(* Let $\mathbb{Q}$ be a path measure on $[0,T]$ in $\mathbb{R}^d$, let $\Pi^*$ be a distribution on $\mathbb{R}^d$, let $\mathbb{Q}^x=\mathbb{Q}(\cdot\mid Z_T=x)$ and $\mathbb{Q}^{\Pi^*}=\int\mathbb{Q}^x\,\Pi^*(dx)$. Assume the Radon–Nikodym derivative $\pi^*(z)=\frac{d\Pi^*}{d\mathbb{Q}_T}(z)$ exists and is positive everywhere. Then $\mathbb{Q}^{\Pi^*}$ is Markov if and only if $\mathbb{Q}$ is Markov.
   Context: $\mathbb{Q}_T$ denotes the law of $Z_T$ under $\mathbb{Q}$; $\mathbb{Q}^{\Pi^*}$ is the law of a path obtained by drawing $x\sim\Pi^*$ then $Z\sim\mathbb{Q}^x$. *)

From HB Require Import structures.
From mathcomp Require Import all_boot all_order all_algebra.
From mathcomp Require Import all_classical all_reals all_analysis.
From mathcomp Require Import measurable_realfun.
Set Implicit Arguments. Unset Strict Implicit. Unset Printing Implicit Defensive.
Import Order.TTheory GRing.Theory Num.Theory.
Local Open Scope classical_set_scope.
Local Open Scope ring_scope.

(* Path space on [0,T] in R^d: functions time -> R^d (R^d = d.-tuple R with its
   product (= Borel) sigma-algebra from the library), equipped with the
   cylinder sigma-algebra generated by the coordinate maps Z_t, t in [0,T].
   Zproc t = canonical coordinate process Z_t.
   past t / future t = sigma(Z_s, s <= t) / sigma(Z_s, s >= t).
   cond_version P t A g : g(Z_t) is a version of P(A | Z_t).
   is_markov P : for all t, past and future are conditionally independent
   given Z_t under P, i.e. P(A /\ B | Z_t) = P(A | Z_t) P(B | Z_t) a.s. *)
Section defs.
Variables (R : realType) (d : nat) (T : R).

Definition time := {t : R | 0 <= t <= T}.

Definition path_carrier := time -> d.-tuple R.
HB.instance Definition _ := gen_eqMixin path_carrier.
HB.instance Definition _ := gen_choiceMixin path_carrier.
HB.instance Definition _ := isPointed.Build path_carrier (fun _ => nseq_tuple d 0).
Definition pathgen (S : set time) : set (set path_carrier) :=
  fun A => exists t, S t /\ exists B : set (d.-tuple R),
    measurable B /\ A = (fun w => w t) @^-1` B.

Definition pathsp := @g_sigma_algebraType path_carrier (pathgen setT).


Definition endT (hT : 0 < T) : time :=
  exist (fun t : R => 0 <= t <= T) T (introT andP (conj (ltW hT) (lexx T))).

══════

WHAT IS EXPECTED -
An exact copy of every record above is what's needed here.

SOLUTION TO THIS EXERCISE -
(* Let $\mathbb{Q}$ be a path measure on $[0,T]$ in $\mathbb{R}^d$, let $\Pi^*$ be a distribution on $\mathbb{R}^d$, let $\mathbb{Q}^x=\mathbb{Q}(\cdot\mid Z_T=x)$ and $\mathbb{Q}^{\Pi^*}=\int\mathbb{Q}^x\,\Pi^*(dx)$. Assume the Radon–Nikodym derivative $\pi^*(z)=\frac{d\Pi^*}{d\mathbb{Q}_T}(z)$ exists and is positive everywhere. Then $\mathbb{Q}^{\Pi^*}$ is Markov if and only if $\mathbb{Q}$ is Markov.
   Context: $\mathbb{Q}_T$ denotes the law of $Z_T$ under $\mathbb{Q}$; $\mathbb{Q}^{\Pi^*}$ is the law of a path obtained by drawing $x\sim\Pi^*$ then $Z\sim\mathbb{Q}^x$. *)

From HB Require Import structures.
From mathcomp Require Import all_boot all_order all_algebra.
From mathcomp Require Import all_classical all_reals all_analysis.
From mathcomp Require Import measurable_realfun.
Set Implicit Arguments. Unset Strict Implicit. Unset Printing Implicit Defensive.
Import Order.TTheory GRing.Theory Num.Theory.
Local Open Scope classical_set_scope.
Local Open Scope ring_scope.

(* Path space on [0,T] in R^d: functions time -> R^d (R^d = d.-tuple R with its
   product (= Borel) sigma-algebra from the library), equipped with the
   cylinder sigma-algebra generated by the coordinate maps Z_t, t in [0,T].
   Zproc t = canonical coordinate process Z_t.
   past t / future t = sigma(Z_s, s <= t) / sigma(Z_s, s >= t).
   cond_version P t A g : g(Z_t) is a version of P(A | Z_t).
   is_markov P : for all t, past and future are conditionally independent
   given Z_t under P, i.e. P(A /\ B | Z_t) = P(A | Z_t) P(B | Z_t) a.s. *)
Section defs.
Variables (R : realType) (d : nat) (T : R).

Definition time := {t : R | 0 <= t <= T}.

Definition path_carrier := time -> d.-tuple R.
HB.instance Definition _ := gen_eqMixin path_carrier.
HB.instance Definition _ := gen_choiceMixin path_carrier.
HB.instance Definition _ := isPointed.Build path_carrier (fun _ => nseq_tuple d 0).
Definition pathgen (S : set time) : set (set path_carrier) :=
  fun A => exists t, S t /\ exists B : set (d.-tuple R),
    measurable B /\ A = (fun w => w t) @^-1` B.

Definition pathsp := @g_sigma_algebraType path_carrier (pathgen setT).


Definition endT (hT : 0 < T) : time :=
  exist (fun t : R => 0 <= t <= T) T (introT andP (conj (ltW hT) (lexx T))).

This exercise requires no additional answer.